Retour sur PES donc … près de … près de 13 ans après PES 6 et le dernier véritable PES que j’ai poncé de bout en bout. L’époque des Adriano, Babel, de la grande équipe du Milan … bref une époque trèèèèèès lointaine. Et, même si je joue beaucoup moins souvent qu’avant à FIFA, les presque 10 ans d’habitude ont la vie dure et si les premières minutes m’ont demandé un peu de temps pour m’adapter, le plaisir est réel.

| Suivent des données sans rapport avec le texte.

Lemma phi_convex_ordered (x y t : R) : 0 <= x < y -> Rbar_lt y Rm -> 0 <= t <= 1 ->
  phi (t * x + (1 - t) * y) <= t * phi x + (1 - t) * phi y.
Proof.
  intros Hxy HyR Ht.
  destruct (Req_dec t 0) as [->|Ht0]; [replace (0 * x + (1 - 0) * y) with y by ring; lra|].
  destruct (Req_dec t 1) as [->|Ht1]; [replace (1 * x + (1 - 1) * y) with x by ring; lra|].
  set (z := t * x + (1 - t) * y).
  assert (Hz : x < z < y) by (unfold z; split; nra).
  assert (HzR : Rbar_lt z Rm) by (apply (Rbar_lt_of_le z y); [lra|exact HyR]).
  destruct (phi_mvt x z) as [xi1 [Hxi1 E1]]; [lra|exact HzR|].
  destruct (phi_mvt z y) as [xi2 [Hxi2 E2]]; [lra|exact HyR|].
  assert (Hslopes : dphi xi1 <= dphi xi2)
    by (apply deriv_nondecreasing; [lra|apply (Rbar_lt_of_le xi2 y); [lra|exact HyR]]).
  assert (Ex : phi x = phi z - dphi xi1 * ((1 - t) * (y - x))) by (replace ((1 - t) * (y - x)) with (z - x) by (unfold z; ring); lra).
  assert (Ey : phi y = phi z + dphi xi2 * (t * (y - x))) by (replace (t * (y - x)) with (y - z) by (unfold z; ring); lra).
  assert (Hgap : t * phi x + (1 - t) * phi y - phi z
                 = t * (1 - t) * (y - x) * (dphi xi2 - dphi xi1)) by (rewrite Ex, Ey; ring).
  assert (0 <= t * (1 - t) * (y - x) * (dphi xi2 - dphi xi1))
    by (repeat apply Rmult_le_pos; lra).
  lra.
Qed.

Lemma phi_convex (x y t : R) : 0 <= x -> Rbar_lt x Rm -> 0 <= y -> Rbar_lt y Rm ->
  0 <= t <= 1 -> phi (t * x + (1 - t) * y) <= t * phi x + (1 - t) * phi y.
Proof.
  intros Hx HxR Hy HyR Ht. destruct (Rtotal_order x y) as [Hlt|[<-|Hgt]].
  - apply phi_convex_ordered; [lra|exact HyR|exact Ht].
  - replace (t * x + (1 - t) * x) with x by ring. lra.
  - pose proof (phi_convex_ordered y x (1 - t) ltac:(lra) HxR ltac:(lra)) as H.
    replace ((1 - t) * y + (1 - (1 - t)) * x) with (t * x + (1 - t) * y) in H by ring. lra.
Qed.

Lemma right_deriv_bound (r d : R) : 0 <= r -> Rbar_lt r Rm -> is_right_deriv phi r d ->
  0 < negpart (g (phi r)) -> d <= Rpower (f (phi r) / negpart (g (phi r))) (1 / q).
Proof.
  intros Hr HrR Hd Hn. destruct (Rle_lt_or_eq_dec 0 r Hr) as [Hpos|<-].
  2:{ destruct sol as (_ & _ & _ & _ & _ & Hd0 & _).
      rewrite (is_right_deriv_unique phi 0 d 0 Hd Hd0). left. apply Rpower_pos. }
  rewrite (is_right_deriv_unique phi r d (dphi r) Hd
             (is_derive_right_deriv _ _ _ (sol_derive r Hpos HrR))).
  pose proof (negpart_pos_eq _ Hn) as En. rewrite En in Hn |- *.
  pose proof (sol_ode r Hpos HrR) as E. unfold rhs in E.
  pose proof (deriv_pos r Hpos HrR) as Hd1. rewrite abspow_pos in E by exact Hd1.
  pose proof (second_deriv_nonneg r Hpos HrR).
  assert (0 <= (c - 1) / r * dphi r) by (apply Rmult_le_pos; [apply Rdiv_le_0_compat|]; lra).
  assert (HA : Rpower (dphi r) q <= f (phi r) / - g (phi r)).
  { apply (Rmult_le_reg_r (- g (phi r))); [exact Hn|].
    unfold Rdiv. rewrite Rmult_assoc, Rinv_l by lra. nra. }
  replace (dphi r) with (Rpower (Rpower (dphi r) q) (1 / q))
    by (rewrite Rpower_mult; replace (q * (1 / q)) with 1 by (field; lra); apply Rpower_1, Hd1).
  apply Rle_Rpower_l; [left; apply Rdiv_lt_0_compat; lra|split; [apply Rpower_pos|exact HA]].
Qed.


Section NonnegativeG.

Hypothesis g_nonneg : forall x, 0 <= g x.

Lemma rhs_nondecreasing (x y : R) : 0 < x <= y -> Rbar_lt y Rm -> rhs x <= rhs y.
Proof.
  intros Hxy HyR. unfold rhs.
  assert (HxR : Rbar_lt x Rm) by (apply (Rbar_lt_of_le x y); [lra|exact HyR]).
  assert (Hphi : phi x <= phi y).
  { destruct (Rle_lt_or_eq_dec x y (proj2 Hxy)) as [Hlt|<-]; [|lra].
    left. apply phi_increasing; [lra|exact Hlt|exact HyR]. }
  assert (HA : abspow (dphi x) q <= abspow (dphi y) q).
  { apply abspow_le; [lra|]. split; [apply deriv_pos; [lra|exact HxR]|].
    apply deriv_nondecreasing; [exact Hxy|exact HyR]. }
  pose proof (f_mono _ _ Hphi).
  assert (g (phi x) * abspow (dphi x) q <= g (phi y) * abspow (dphi y) q)
    by (apply Rmult_le_compat; [apply g_nonneg|apply abspow_ge0|apply g_mono, Hphi|exact HA]).
  lra.
Qed.

Lemma initial_source_le_rhs (r : R) : 0 < r -> Rbar_lt r Rm -> f (phi 0) <= rhs r.
Proof.
  intros Hr HrR. unfold rhs.
  pose proof (f_mono _ _ (Rlt_le _ _ (phi_increasing 0 r (Rle_refl 0) Hr HrR))).
  pose proof (Rmult_le_pos _ _ (g_nonneg (phi r)) (abspow_ge0 (dphi r) q)).
  lra.
Qed.

Lemma second_deriv_ge_ratio (r0 : R) : 0 < r0 -> Rbar_lt r0 Rm -> dphi r0 / r0 <= ddphi r0.
Proof.
  intros Hr0 Hr0R. apply Rnot_lt_le. intros Hlt.
  set (v := fun t => dphi t / t).
  assert (Hdom : forall x, 0 < x <= r0 -> Rbar_lt x Rm)
    by (intros x Hx; apply (Rbar_lt_of_le x r0); [lra|exact Hr0R]).
  assert (Hdv : forall x, 0 < x <= r0 -> is_derive v x ((ddphi x - v x) / x)).
  { intros x Hx. apply is_derive_ratio; [apply sol_derive2; [lra|apply Hdom, Hx]|lra]. }
  destruct second_deriv_lim0 as [L [_ [Hv HcL]]].
  set (m := rhs r0 / c).
  pose proof (sol_ode r0 Hr0 Hr0R) as E0.
  assert (Hmv : m < v r0).
  { unfold m, v. apply (Rmult_lt_reg_r c); [exact c_pos|].
    unfold Rdiv at 1. rewrite Rmult_assoc, Rinv_l, Rmult_1_r by lra.
    rewrite <- E0. replace ((c - 1) / r0 * dphi r0) with ((c - 1) * (dphi r0 / r0)) by (field; lra).
    nra. }
  assert (HLm : L <= m).
  { unfold m. apply (Rmult_le_reg_r c); [exact c_pos|].
    unfold Rdiv. rewrite Rmult_assoc, Rinv_l, Rmult_1_r, Rmult_comm, HcL by lra.
    apply initial_source_le_rhs; assumption. }
  set (m' := (m + v r0) / 2).
  (* [v] starts near [L <= m < m'] and ends above [m'], but cannot increase while above [m]. *)
  destruct (at_right_0_point (fun t => v t < m') r0 Hr0) as [e [He Hve]].
  { apply (Hv (fun z => z < m')). apply open_lt. unfold m'. lra. }
  destruct (last_crossing (fun t => - v t) e r0 (- m')) as [r1 [Hr1 [Hz Hafter]]];
    [lra| |lra|unfold m'; lra|].
  { intros x Hx. apply (continuous_opp (K := R_AbsRing) (V := R_NormedModule)).
    exact (continuous_of_is_derive _ _ _ (Hdv x ltac:(lra))). }
  destruct (mvt_derive v (fun x => (ddphi x - v x) / x) r1 r0) as [xi [Hxi E]];
    [lra|intros x Hx; apply Hdv; lra|].
  assert (Hvxi : m' < v xi) by (pose proof (Hafter xi ltac:(lra)); lra).
  assert (Hdrop : (ddphi xi - v xi) / xi < 0).
  { pose proof (sol_ode xi ltac:(lra) (Hdom xi ltac:(lra))) as Exi.
    pose proof (rhs_nondecreasing xi r0 ltac:(lra) Hr0R).
    replace ((c - 1) / xi * dphi xi) with ((c - 1) * v xi) in Exi by (unfold v; field; lra).
    assert (rhs r0 = c * m) by (unfold m; field; lra).
    assert (c * m < c * v xi) by (apply Rmult_lt_compat_l; unfold m' in Hvxi; lra).
    apply Rdiv_neg_pos; lra. }
  assert ((ddphi xi - v xi) / xi * (r0 - r1) < 0) by (apply Rmult_neg_pos; lra).
  pose proof (Hafter r0 ltac:(lra)). lra.
Qed.

End NonnegativeG.

End MonotoneSource.

End PositiveSource.

End Solution.

Theorem lemma2p1 (c q : R) (f g : R -> R) (a : R) (Rm : Rbar) (phi : R -> R) :
  0 < c -> 0 < q ->
  (forall x, continuous f x) -> (forall x, continuous g x) ->
  is_solution c q f g a Rm phi ->
  (* (i) *)
  ((forall x, 0 < f x) ->
     forall r s, 0 <= r -> r < s -> Rbar_lt s Rm -> phi r < phi s) /\
  (* (ii) *)
  ((forall x, 0 < f x) ->
   (forall x y, x <= y -> f x <= f y) ->
   (forall x y, x <= y -> g x <= g y) ->
   1 <= c ->
     (forall x y t, 0 <= x -> Rbar_lt x Rm -> 0 <= y -> Rbar_lt y Rm ->
        0 <= t <= 1 ->
        phi (t * x + (1 - t) * y) <= t * phi x + (1 - t) * phi y) /\
     (forall r d, 0 <= r -> Rbar_lt r Rm -> is_right_deriv phi r d ->
        0 < negpart (g (phi r)) ->
        d <= Rpower (f (phi r) / negpart (g (phi r))) (1 / q))) /\
  (* (iii) *)
  ((forall x, 0 < f x) ->
   (forall x y, x <= y -> f x <= f y) ->
   (forall x y, x <= y -> g x <= g y) ->
   (forall x, 0 <= g x) ->
   1 <= c ->
     forall r, 0 < r -> Rbar_lt r Rm -> Derive phi r / r <= Derive_n phi 2 r).
Proof.
  intros Hc Hq Hf Hg Hsol. split; [|split].
  - exact (phi_increasing c q f g a Rm phi Hc Hq Hf Hg Hsol).
  - intros Hfpos Hfmono Hgmono Hc1. split.
    + exact (phi_convex c q f g a Rm phi Hc Hq Hf Hg Hsol Hfpos Hfmono Hgmono Hc1).
    + exact (right_deriv_bound c q f g a Rm phi Hc Hq Hf Hg Hsol Hfpos Hfmono Hgmono Hc1).
  - intros Hfpos Hfmono Hgmono Hgnonneg Hc1.
    exact (second_deriv_ge_ratio c q f g a Rm phi Hc Hq Hf Hg Hsol
             Hfpos Hfmono Hgmono Hc1 Hgnonneg).
Qed.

Le rythme est beaucoup plus posé et aussi beaucoup moins tolérant. C’est d’ailleurs un des points que j’abordais après la demo sur Twitter. Le coté permissif de FIFA est pour moi une « force » dans le sens où il permettra  de jouer plus facilement avec des amis qui n’ont pas l’habitude. Au contraire, PES 2020 est lui beaucoup plus pointu et exigeant. Mais, ces deux points, font justement tout l’intérêt du jeu, qui, une fois maîtrisés font qu’on prend véritablement énormément de plaisir dans la construction des actions. Surtout, c’est ce sentiment d’être dirigé et forcé par le jeu qui n’est pas présent à l’instar d’un FIFA et qui peut s’avérer tout aussi frustrant. Ici, si vous ne réussissez pas une passe, c’est (presque) uniquement de votre faute.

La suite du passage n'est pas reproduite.